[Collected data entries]
Lemma kms_eigen_first : (1 < n)%N -> lam * (x 0 - r * x 1) = (1 - r ^+ 2) * x 0.
Proof.
move=> n_gt1; have n_gt0 := ltnW n_gt1.
rewrite mulrBr mulrCA -!x_eigen // -sum_delta // !mulr_sumr -sumrB.
by apply: eq_bigr => i _; rewrite [RHS]mulrCA -kms_kernel_first; ring.
Qed.

Lemma kms_eigen_mid j : (j.+2 < n)%N ->
  lam * (- r * x j + (1 + r ^+ 2) * x j.+1 - r * x j.+2) = (1 - r ^+ 2) * x j.+1.
Proof.
move=> j2_lt; have j1_lt := ltnW j2_lt; have j_lt := ltnW j1_lt.
have -> : lam * (- r * x j + (1 + r ^+ 2) * x j.+1 - r * x j.+2)
  = - r * (lam * x j) + (1 + r ^+ 2) * (lam * x j.+1) - r * (lam * x j.+2) by ring.
rewrite -!x_eigen // -sum_delta // !mulr_sumr -big_split /= -sumrB.
by apply: eq_bigr => i _; rewrite [RHS]mulrCA -kms_kernel_mid; ring.
Qed.

Lemma kms_eigen_last j : n = j.+2 -> lam * (x j.+1 - r * x j) = (1 - r ^+ 2) * x j.+1.
Proof.
move=> n_eq; have j1_lt : (j.+1 < n)%N by rewrite n_eq.
have j_lt := ltnW j1_lt.
rewrite mulrBr mulrCA -!x_eigen // -sum_delta // !mulr_sumr -sumrB.
apply: eq_bigr => i _; have i_le : (i <= j.+1)%N by rewrite -ltnS -n_eq.
by rewrite [RHS]mulrCA -(kms_kernel_last _ _ _ i_le); ring.
Qed.

Hypotheses (n_gt1 : (1 < n)%N) (r_neq0 : r != 0) (r2_neq1 : 1 - r ^+ 2 != 0).
Hypothesis x_neq0 : exists2 j, (j < n)%N & x j != 0.

Lemma kms_eigenvalue_neq0 : lam != 0.
Proof.
apply/eqP => lam0; have [j j_lt xj_neq0] := x_neq0.
suff : (1 - r ^+ 2) * x j = 0 by move/eqP; rewrite mulf_eq0 (negbTE r2_neq1) (negbTE xj_neq0).
case: j j_lt {xj_neq0} => [|j] j_lt; first by rewrite -kms_eigen_first // lam0 mul0r.
have [j_lt'|n_eq] : (j.+2 < n)%N \/ n = j.+2 by lia.
- by rewrite -kms_eigen_mid // lam0 mul0r.
- by rewrite -(kms_eigen_last j n_eq) lam0 mul0r.
Qed.

Section ChebyshevParameter.
Variable c : R.
Hypothesis lam_c : lam * (1 + r ^+ 2 - r * c) = 1 - r ^+ 2.

Let lam_neq0 : lam != 0.
Proof. by apply: contraNneq r2_neq1 => lam0; rewrite -lam_c lam0 mul0r. Qed.
(* Let $(A_k,b_k,c_k)_{k\in\mathbb{Z}}$ and $(\tilde A_k,\tilde b_k,\tilde c_k)_{k\in\mathbb{Z}}$ be algebraically equivalent discrete-time systems, with $(\tilde A_k,\tilde b_k,\tilde c_k)$ in controller canonical form. Then for every $k\in\mathbb{Z}$, the first coordinate of $\tilde c_k$ is zero if and only if $c_k\operatorname{adj}(A_k)b_k=0$.
   Context: A system $(A_k,b_k,c_k)$ means $x_{k+1}=A_kx_k+b_ku_k$, $y_k=c_kx_k$ with $A_k\in\mathbb{R}^{n\times n}$, $b_k\in\mathbb{R}^{n\times1}$, $c_k\in\mathbb{R}^{1\times n}$. Algebraic equivalence: there are invertible $T_k$ with $\tilde A_k=T_{k+1}A_kT_k^{-1}$, $\tilde b_k=T_{k+1}b_k$, $\tilde c_k=c_kT_k^{-1}$ for all $k$. Controller canonical form: $\tilde b_k=(0,\dots,0,1)^T$ and $\tilde A_k$ has ones on the superdiagonal, zeros elsewhere in the first $n-1$ rows, and an arbitrary last row. $\operatorname{adj}$ denotes the adjugate matrix. *)

From HB Require Import structures.
From mathcomp Require Import all_boot all_order all_algebra.
Set Implicit Arguments. Unset Strict Implicit. Unset Printing Implicit Defensive.
Import Order.TTheory GRing.Theory Num.Theory.
Local Open Scope ring_scope.

(* A discrete-time system (A_k, b_k, c_k)_{k in Z} of state dimension n:
   x_{k+1} = A_k x_k + b_k u_k,  y_k = c_k x_k. *)

Definition alg_equiv (R : comUnitRingType) (n : nat)
  (A : int -> 'M[R]_n) (b : int -> 'cV[R]_n) (c : int -> 'rV[R]_n)
  (A' : int -> 'M[R]_n) (b' : int -> 'cV[R]_n) (c' : int -> 'rV[R]_n) : Prop :=
  exists T : int -> 'M[R]_n,
    (forall k, T k \in unitmx) /\
    (forall k, A' k = T (k + 1) *m A k *m invmx (T k)
            /\ b' k = T (k + 1) *m b k
            /\ c' k = c k *m invmx (T k)).

Definition controller_canonical (R : nzRingType) (n : nat)
  (A' : int -> 'M[R]_n.+1) (b' : int -> 'cV[R]_n.+1) : Prop :=
  forall k,
    b' k = \col_(i < n.+1) (if i == ord_max then 1 else 0)
    /\ (forall i j : 'I_n.+1, i != ord_max ->
          A' k i j = (if (j : nat) == i.+1 then 1 else 0)).

From HB Require Import structures.
From mathcomp Require Import all_boot all_order all_algebra.
Import GRing.Theory.
Local Open Scope ring_scope.

(* Since the adjugate reverses products and [P *m \adj P = (\det P)%:M], the
   scalar [c *m \adj A *m b] of an equivalent system is the original one times
   [\det (T_k^-1) * \det T_(k+1)], a unit.  For a system in controller canonical
   form the last column of [\adj A] is [(-1)^n] times the first unit vector:
   its first minor is an identity matrix and every other minor has a zero first
   column.  Hence [c *m \adj A *m b = (-1)^n * c_0]. *)

Lemma adjM_det_neq0 (R : idomainType) n (M N : 'M[R]_n) :
  \det (M *m N) != 0 -> \adj (M *m N) = \adj N *m \adj M.
Proof.
move=> detMN_neq0; apply/eqP; rewrite -subr_eq0.
set D := _ - _.
have MN_D : M *m N *m D = 0.
  rewrite mulmxBr mul_mx_adj mulmxA -(mulmxA M) mul_mx_adj mul_mx_scalar.
  by rewrite -scalemxAl mul_mx_adj scale_scalar_mx det_mulmx mulrC subrr.
have := congr1 (mulmx (\adj (M *m N))) MN_D.
rewrite mulmxA mul_adj_mx mul_scalar_mx mulmx0 => /eqP.
by rewrite scalemx_eq0 (negbTE detMN_neq0).
Qed.

Lemma adjM (R : idomainType) n (M N : 'M[R]_n) :
  \adj (M *m N) = \adj N *m \adj M.
Proof.
(* [\det ('X + X)] is monic, so the identity holds over [{poly R}] by
   [adjM_det_neq0], and specializes at ['X = 0]. *)
pose shift (X : 'M[R]_n) := char_poly_mx (- X).
have det_shift_neq0 X : \det (shift X) != 0.
  exact/monic_neq0/char_poly_monic.
have eval_shift X : map_mx (horner_eval 0) (shift X) = X.
  apply/matrixP => i j; rewrite !mxE horner_evalE.
  by rewrite hornerD hornerN hornerMn hornerX hornerC mul0rn sub0r opprK.
have := @adjM_det_neq0 _ _ (shift M) (shift N).
rewrite det_mulmx mulf_neq0 // => /(_ isT)/(congr1 (map_mx (horner_eval 0))).
by rewrite map_mxM !map_mx_adj map_mxM !eval_shift.
Qed.

Lemma mulmx_adj_equiv (R : idomainType) n (A P Q : 'M[R]_n)
    (b : 'cV[R]_n) (c : 'rV[R]_n) :
  c *m P *m \adj (Q *m A *m P) *m (Q *m b)
  = (\det P * \det Q) *: (c *m \adj A *m b).
Proof.
rewrite !adjM !mulmxA -(mulmxA c) mul_mx_adj mul_mx_scalar.
rewrite -(mulmxA _ (\adj Q)) mul_adj_mx mul_mx_scalar.
by rewrite -!scalemxAl scalerA mulrC.
Qed.

Section ControllerCanonicalAdjugate.
Context {R : comNzRingType} {n : nat} {A : 'M[R]_n.+1}.
Hypothesis A_shift : forall i j : 'I_n.+1, i != ord_max ->
  A i j = (if (j : nat) == i.+1 then 1 else 0).

Lemma controller_lift_max (r : 'I_n) (j : 'I_n.+1) :
  A (lift ord_max r) j = (if (j : nat) == r.+1 then 1 else 0).
Proof. by rewrite A_shift ?lift_max // eq_sym neq_lift. Qed.

Lemma adj_controller_col_max (i : 'I_n.+1) :
  \adj A i ord_max = if i == ord0 then (-1) ^+ n else 0.
Proof.
rewrite mxE /cofactor; have [-> | i_neq0] := eqVneq i ord0.
  suff -> : row' ord_max (col' ord0 A) = 1%:M by rewrite det1 mulr1 addn0.
  apply/matrixP => r s; rewrite !mxE controller_lift_max lift0 eqSS.
  by rewrite -[(s : nat) == r]/(s == r) eq_sym; case: (r == s).
have i_gt0 : (0 < i)%N by rewrite lt0n.
have n_gt0 : (0 < n)%N by rewrite (leq_trans i_gt0) // -ltnS.
rewrite (expand_det_col _ (Ordinal n_gt0)) big1 ?mulr0 // => r _.
by rewrite !mxE controller_lift_max /= /bump leqNgt i_gt0 mul0r.
Qed.

Lemma mulmx_adj_controller (c : 'rV[R]_n.+1) :
  (c *m \adj A *m \col_i (if i == ord_max then 1 else 0)) 0 0 = (-1) ^+ n * c 0 0.
Proof.
have -> : \col_i (if i == ord_max then 1 else 0)
          = delta_mx ord_max 0 :> 'cV[R]_n.+1.
  by apply/matrixP => i j; rewrite !mxE ord1 eqxx andbT; case: (i == ord_max).
rewrite -mulmxA -colE mxE (bigD1 ord0) //= big1 => [|j /negbTE j_neq0].
  by rewrite mxE adj_controller_col_max eqxx addr0 mulrC.
by rewrite mxE adj_controller_col_max j_neq0 mulr0.
Qed.

End ControllerCanonicalAdjugate.

Theorem proposition7 (R : realFieldType) (n : nat)
  (A : int -> 'M[R]_n.+1) (b : int -> 'cV[R]_n.+1) (c : int -> 'rV[R]_n.+1)
  (A' : int -> 'M[R]_n.+1) (b' : int -> 'cV[R]_n.+1) (c' : int -> 'rV[R]_n.+1) :
  alg_equiv A b c A' b' c' ->
  controller_canonical A' b' ->
  forall k : int, c' k 0 0 = 0 <-> (c k *m \adj (A k) *m b k) 0 0 = 0.
Proof.
move=> [T [T_unit T_equiv]] canonical_form k.
have [b'_last A'_shift] := canonical_form k.
have [A'_eq [b'_eq c'_eq]] := T_equiv k.
set s := \det (invmx (T k)) * \det (T (k + 1)).
have s_neq0 : s != 0 by rewrite mulf_neq0 // -unitfE -unitmxE ?unitmx_inv.
have key : s * (c k *m \adj (A k) *m b k) 0 0 = (-1) ^+ n * c' k 0 0.
  rewrite -(mulmx_adj_controller A'_shift) -b'_last c'_eq A'_eq b'_eq.
  by rewrite mulmx_adj_equiv [RHS]mxE.
have iff_eq0 : ((c k *m \adj (A k) *m b k) 0 0 == 0) = (c' k 0 0 == 0).
  by rewrite -(inj_eq (mulfI s_neq0)) mulr0 key mulf_eq0 signr_eq0.
by split=> /eqP zero; apply/eqP; move: zero; rewrite iff_eq0.
Qed.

--- Problem to work on ---
In the records above, how many lines hold the string "matrixP"? Only the number should be given.

--- Response for this exercise ---
3